### [What to do]
What lines in the listing include "reflexivity"? Return a copy of each.
┌─ Data shown
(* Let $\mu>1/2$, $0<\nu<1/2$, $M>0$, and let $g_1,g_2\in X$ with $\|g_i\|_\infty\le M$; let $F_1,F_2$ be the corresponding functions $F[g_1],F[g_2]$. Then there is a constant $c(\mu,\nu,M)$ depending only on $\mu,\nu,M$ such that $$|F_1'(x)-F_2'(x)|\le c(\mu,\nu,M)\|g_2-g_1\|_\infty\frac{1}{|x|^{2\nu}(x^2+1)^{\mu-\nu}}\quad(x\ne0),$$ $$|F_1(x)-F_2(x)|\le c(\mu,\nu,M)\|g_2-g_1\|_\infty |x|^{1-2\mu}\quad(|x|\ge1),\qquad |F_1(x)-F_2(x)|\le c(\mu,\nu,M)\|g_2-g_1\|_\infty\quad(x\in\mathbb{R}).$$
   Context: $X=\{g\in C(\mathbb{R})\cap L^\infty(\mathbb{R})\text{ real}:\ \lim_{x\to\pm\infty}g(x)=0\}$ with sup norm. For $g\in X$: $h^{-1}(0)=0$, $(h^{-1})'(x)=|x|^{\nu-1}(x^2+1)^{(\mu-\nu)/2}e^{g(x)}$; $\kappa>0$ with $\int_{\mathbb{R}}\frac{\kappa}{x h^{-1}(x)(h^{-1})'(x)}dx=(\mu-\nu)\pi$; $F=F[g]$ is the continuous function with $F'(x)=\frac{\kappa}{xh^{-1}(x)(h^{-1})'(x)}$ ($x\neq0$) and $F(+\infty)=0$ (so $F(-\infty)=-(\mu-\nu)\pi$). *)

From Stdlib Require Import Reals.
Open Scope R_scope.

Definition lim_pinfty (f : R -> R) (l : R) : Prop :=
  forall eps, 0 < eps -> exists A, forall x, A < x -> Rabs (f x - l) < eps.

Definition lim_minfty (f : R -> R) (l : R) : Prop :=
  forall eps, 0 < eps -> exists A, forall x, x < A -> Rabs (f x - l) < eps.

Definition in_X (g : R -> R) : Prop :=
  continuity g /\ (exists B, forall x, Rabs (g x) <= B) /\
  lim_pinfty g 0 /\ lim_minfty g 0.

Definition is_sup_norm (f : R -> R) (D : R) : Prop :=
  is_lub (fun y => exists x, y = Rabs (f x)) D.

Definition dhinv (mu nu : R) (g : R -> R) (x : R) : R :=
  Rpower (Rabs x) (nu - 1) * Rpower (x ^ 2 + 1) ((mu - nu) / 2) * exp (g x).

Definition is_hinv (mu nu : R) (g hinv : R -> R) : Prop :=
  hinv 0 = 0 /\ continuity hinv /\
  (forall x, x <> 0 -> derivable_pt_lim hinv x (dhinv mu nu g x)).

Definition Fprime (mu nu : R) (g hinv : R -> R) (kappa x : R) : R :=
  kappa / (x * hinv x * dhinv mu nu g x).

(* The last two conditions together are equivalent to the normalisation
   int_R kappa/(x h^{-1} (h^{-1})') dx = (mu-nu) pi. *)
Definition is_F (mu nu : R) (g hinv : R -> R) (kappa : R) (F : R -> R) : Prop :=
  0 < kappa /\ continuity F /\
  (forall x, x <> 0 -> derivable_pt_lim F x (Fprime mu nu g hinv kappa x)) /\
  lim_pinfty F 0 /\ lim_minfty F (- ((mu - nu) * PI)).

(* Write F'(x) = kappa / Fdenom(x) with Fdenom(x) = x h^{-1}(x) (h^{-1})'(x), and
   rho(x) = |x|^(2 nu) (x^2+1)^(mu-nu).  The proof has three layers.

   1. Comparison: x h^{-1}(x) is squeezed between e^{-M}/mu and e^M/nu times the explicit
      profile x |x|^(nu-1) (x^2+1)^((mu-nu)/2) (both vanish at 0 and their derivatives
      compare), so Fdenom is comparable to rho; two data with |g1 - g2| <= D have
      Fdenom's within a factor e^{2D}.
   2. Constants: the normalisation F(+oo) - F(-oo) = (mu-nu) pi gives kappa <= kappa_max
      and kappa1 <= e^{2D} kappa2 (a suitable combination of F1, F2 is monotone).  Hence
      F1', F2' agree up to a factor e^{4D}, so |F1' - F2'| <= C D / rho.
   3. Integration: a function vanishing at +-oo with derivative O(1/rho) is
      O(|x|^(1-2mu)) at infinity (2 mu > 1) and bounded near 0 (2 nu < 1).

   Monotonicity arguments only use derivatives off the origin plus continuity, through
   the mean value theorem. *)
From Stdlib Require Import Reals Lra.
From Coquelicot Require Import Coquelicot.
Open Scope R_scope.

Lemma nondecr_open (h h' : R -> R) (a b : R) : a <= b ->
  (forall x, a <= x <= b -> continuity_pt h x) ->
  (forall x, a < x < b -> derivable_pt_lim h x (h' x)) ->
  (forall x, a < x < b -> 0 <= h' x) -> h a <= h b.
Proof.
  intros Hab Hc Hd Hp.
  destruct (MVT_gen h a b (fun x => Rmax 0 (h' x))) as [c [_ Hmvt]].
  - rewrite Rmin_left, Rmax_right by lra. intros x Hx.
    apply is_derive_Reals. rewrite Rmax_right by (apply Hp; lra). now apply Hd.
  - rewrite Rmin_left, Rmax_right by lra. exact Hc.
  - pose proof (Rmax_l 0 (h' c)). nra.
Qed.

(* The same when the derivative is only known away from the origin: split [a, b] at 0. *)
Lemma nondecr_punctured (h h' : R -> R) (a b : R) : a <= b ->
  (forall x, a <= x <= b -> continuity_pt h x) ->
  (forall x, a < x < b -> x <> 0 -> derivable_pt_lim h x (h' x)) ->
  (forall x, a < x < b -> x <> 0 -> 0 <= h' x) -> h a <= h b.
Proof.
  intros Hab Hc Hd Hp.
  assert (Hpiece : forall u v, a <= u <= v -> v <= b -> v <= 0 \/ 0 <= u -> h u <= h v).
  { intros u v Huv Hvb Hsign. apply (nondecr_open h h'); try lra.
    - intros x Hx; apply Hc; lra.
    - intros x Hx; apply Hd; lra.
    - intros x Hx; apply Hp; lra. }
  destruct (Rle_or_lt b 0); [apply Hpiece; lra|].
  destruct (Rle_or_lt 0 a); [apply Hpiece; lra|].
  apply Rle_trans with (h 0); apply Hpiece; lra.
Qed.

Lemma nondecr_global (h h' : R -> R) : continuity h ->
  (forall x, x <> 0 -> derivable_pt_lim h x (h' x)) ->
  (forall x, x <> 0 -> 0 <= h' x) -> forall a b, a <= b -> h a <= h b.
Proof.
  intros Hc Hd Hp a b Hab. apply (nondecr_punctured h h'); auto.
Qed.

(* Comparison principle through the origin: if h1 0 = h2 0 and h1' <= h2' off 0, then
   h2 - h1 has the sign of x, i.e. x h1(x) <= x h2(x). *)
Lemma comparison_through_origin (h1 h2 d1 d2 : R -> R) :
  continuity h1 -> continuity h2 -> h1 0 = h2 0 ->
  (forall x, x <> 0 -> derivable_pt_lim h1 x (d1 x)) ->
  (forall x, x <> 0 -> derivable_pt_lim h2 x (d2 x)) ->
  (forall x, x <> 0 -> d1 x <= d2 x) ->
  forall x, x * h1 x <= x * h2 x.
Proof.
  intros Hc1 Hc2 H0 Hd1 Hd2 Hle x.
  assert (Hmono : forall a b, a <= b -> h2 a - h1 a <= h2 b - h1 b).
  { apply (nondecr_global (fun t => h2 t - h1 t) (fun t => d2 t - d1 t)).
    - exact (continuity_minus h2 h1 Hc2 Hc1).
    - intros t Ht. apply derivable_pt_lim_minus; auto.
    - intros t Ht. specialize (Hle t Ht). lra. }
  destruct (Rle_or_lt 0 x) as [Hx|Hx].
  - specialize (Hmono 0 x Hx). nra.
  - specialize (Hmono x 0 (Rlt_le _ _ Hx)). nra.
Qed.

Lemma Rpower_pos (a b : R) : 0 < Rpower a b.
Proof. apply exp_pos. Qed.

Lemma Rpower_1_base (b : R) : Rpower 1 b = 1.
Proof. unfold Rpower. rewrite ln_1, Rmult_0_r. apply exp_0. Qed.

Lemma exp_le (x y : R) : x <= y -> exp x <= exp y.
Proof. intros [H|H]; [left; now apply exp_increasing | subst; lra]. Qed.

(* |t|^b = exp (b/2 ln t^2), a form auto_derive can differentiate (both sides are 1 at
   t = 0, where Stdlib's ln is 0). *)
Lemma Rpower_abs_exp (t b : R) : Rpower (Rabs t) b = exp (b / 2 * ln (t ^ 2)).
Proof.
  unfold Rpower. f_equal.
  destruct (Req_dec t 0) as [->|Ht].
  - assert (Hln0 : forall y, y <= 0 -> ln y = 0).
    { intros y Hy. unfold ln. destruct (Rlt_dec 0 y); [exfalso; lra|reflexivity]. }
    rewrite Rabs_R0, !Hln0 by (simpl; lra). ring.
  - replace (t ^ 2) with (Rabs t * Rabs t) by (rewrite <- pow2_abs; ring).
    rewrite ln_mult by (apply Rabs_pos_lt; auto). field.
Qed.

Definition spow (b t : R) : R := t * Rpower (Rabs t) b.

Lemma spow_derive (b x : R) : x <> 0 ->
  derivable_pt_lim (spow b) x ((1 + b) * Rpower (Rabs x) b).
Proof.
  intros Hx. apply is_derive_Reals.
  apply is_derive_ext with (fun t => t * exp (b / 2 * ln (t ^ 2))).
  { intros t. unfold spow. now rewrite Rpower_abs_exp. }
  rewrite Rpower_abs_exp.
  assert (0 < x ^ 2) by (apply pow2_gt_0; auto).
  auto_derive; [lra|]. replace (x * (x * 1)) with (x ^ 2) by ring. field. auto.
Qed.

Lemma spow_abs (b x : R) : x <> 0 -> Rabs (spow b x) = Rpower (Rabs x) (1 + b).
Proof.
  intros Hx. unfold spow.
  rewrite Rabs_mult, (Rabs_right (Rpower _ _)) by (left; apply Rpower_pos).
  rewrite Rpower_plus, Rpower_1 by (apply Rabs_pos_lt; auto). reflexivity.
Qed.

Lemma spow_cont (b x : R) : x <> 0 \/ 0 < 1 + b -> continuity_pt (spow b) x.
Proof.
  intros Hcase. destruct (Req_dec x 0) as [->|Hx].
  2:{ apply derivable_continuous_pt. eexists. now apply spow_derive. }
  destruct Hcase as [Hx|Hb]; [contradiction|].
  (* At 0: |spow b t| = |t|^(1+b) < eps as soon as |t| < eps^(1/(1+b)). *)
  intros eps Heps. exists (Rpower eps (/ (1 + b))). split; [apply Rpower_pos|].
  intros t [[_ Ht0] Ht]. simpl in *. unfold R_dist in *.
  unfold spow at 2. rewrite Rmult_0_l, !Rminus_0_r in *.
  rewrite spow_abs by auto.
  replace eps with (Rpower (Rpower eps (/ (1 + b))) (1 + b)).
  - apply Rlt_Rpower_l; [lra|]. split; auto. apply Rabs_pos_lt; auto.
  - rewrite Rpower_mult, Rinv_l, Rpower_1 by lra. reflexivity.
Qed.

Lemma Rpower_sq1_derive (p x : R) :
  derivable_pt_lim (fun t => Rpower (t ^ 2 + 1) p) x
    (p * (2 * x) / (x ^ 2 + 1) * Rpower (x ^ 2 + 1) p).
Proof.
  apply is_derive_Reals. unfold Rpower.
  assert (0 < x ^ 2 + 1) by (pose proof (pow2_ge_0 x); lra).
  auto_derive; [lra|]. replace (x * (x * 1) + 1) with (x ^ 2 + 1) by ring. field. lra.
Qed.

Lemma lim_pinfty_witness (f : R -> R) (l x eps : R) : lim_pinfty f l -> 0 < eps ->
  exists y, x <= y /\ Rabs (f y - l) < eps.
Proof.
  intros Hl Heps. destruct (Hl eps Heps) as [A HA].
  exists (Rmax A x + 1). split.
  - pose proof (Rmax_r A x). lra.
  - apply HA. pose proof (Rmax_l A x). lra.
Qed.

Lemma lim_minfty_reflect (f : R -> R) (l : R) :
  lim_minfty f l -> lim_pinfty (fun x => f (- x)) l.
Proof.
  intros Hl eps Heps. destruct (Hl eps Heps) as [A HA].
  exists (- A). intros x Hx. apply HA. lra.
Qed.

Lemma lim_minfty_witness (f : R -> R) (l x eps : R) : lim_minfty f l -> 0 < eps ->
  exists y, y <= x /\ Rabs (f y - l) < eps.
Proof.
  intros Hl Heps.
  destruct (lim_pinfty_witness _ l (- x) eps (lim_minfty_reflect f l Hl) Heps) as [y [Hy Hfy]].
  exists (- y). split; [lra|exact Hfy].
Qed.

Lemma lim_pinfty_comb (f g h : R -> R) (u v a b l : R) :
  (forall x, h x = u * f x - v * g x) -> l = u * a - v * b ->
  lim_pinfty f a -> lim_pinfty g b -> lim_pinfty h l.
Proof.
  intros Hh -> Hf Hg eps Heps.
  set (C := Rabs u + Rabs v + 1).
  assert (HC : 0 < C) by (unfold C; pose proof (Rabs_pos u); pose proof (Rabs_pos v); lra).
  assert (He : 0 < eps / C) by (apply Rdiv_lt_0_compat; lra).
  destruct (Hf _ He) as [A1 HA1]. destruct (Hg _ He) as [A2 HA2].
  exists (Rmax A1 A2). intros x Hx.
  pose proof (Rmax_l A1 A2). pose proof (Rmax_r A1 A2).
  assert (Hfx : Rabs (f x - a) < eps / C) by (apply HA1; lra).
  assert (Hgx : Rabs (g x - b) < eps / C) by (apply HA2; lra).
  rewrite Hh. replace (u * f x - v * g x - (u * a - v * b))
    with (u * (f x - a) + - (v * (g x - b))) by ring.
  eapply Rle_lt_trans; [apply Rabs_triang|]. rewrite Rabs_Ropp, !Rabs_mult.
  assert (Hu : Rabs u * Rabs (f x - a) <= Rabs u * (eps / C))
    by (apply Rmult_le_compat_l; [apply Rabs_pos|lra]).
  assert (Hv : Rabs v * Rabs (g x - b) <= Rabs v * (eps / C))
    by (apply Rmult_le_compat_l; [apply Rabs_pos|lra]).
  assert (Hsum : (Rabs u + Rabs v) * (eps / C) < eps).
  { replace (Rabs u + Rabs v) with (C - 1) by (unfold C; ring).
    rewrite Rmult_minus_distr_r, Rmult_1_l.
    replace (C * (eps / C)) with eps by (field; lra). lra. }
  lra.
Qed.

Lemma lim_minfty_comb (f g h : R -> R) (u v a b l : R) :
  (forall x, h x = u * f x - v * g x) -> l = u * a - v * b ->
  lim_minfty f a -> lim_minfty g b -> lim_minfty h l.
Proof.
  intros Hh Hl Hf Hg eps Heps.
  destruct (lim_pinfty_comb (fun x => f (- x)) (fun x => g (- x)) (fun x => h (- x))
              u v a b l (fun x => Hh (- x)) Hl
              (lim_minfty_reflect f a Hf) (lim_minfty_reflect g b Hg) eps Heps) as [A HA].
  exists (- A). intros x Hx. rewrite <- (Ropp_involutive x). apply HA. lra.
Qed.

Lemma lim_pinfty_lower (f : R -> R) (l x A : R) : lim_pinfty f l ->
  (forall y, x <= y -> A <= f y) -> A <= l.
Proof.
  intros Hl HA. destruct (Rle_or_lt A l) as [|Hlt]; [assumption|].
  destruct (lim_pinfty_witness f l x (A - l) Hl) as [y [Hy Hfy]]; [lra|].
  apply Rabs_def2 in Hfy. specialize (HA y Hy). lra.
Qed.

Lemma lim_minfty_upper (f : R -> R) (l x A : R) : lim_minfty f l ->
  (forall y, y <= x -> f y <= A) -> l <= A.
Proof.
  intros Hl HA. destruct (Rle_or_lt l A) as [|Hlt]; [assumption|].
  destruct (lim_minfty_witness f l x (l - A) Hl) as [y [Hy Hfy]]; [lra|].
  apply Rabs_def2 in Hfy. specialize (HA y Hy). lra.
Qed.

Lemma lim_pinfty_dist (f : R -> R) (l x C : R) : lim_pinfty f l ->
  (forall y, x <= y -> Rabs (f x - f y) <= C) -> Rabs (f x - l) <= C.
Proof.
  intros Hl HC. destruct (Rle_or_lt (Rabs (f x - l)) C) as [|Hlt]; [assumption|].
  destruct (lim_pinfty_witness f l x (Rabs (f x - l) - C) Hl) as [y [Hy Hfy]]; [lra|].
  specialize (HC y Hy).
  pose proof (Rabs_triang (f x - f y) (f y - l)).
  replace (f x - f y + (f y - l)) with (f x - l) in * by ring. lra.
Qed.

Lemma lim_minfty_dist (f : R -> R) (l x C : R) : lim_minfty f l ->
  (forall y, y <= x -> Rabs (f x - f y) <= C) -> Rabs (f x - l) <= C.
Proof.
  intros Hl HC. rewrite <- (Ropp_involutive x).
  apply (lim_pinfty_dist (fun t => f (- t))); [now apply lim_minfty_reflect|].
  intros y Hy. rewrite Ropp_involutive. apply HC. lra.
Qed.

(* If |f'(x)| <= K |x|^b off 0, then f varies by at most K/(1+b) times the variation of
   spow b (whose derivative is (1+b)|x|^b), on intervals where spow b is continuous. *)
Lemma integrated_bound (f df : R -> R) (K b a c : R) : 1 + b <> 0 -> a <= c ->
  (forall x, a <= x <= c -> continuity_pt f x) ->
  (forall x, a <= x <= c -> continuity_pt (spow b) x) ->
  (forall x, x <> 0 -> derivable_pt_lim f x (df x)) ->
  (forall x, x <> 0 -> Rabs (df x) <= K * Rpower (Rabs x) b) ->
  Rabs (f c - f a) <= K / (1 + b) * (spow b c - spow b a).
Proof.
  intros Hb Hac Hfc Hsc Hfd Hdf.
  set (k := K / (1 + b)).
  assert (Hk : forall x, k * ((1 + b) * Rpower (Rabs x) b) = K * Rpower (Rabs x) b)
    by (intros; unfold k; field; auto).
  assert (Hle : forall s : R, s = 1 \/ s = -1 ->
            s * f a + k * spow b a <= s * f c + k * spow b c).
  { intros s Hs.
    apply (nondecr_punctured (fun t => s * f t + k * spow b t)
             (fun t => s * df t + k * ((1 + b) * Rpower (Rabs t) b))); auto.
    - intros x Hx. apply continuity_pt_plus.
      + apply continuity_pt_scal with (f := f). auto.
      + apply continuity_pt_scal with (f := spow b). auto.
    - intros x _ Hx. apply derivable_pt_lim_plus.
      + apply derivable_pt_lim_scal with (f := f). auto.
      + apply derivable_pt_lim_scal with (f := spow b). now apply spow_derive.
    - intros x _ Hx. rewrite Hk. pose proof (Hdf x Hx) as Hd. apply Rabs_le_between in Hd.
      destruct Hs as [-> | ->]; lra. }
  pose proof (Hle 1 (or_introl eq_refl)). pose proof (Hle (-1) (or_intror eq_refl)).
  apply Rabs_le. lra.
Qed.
└─
### [Answer to this exercise]
    { intros y Hy. unfold ln. destruct (Rlt_dec 0 y); [exfalso; lra|reflexivity]. }
  rewrite Rpower_plus, Rpower_1 by (apply Rabs_pos_lt; auto). reflexivity.
  - rewrite Rpower_mult, Rinv_l, Rpower_1 by lra. reflexivity.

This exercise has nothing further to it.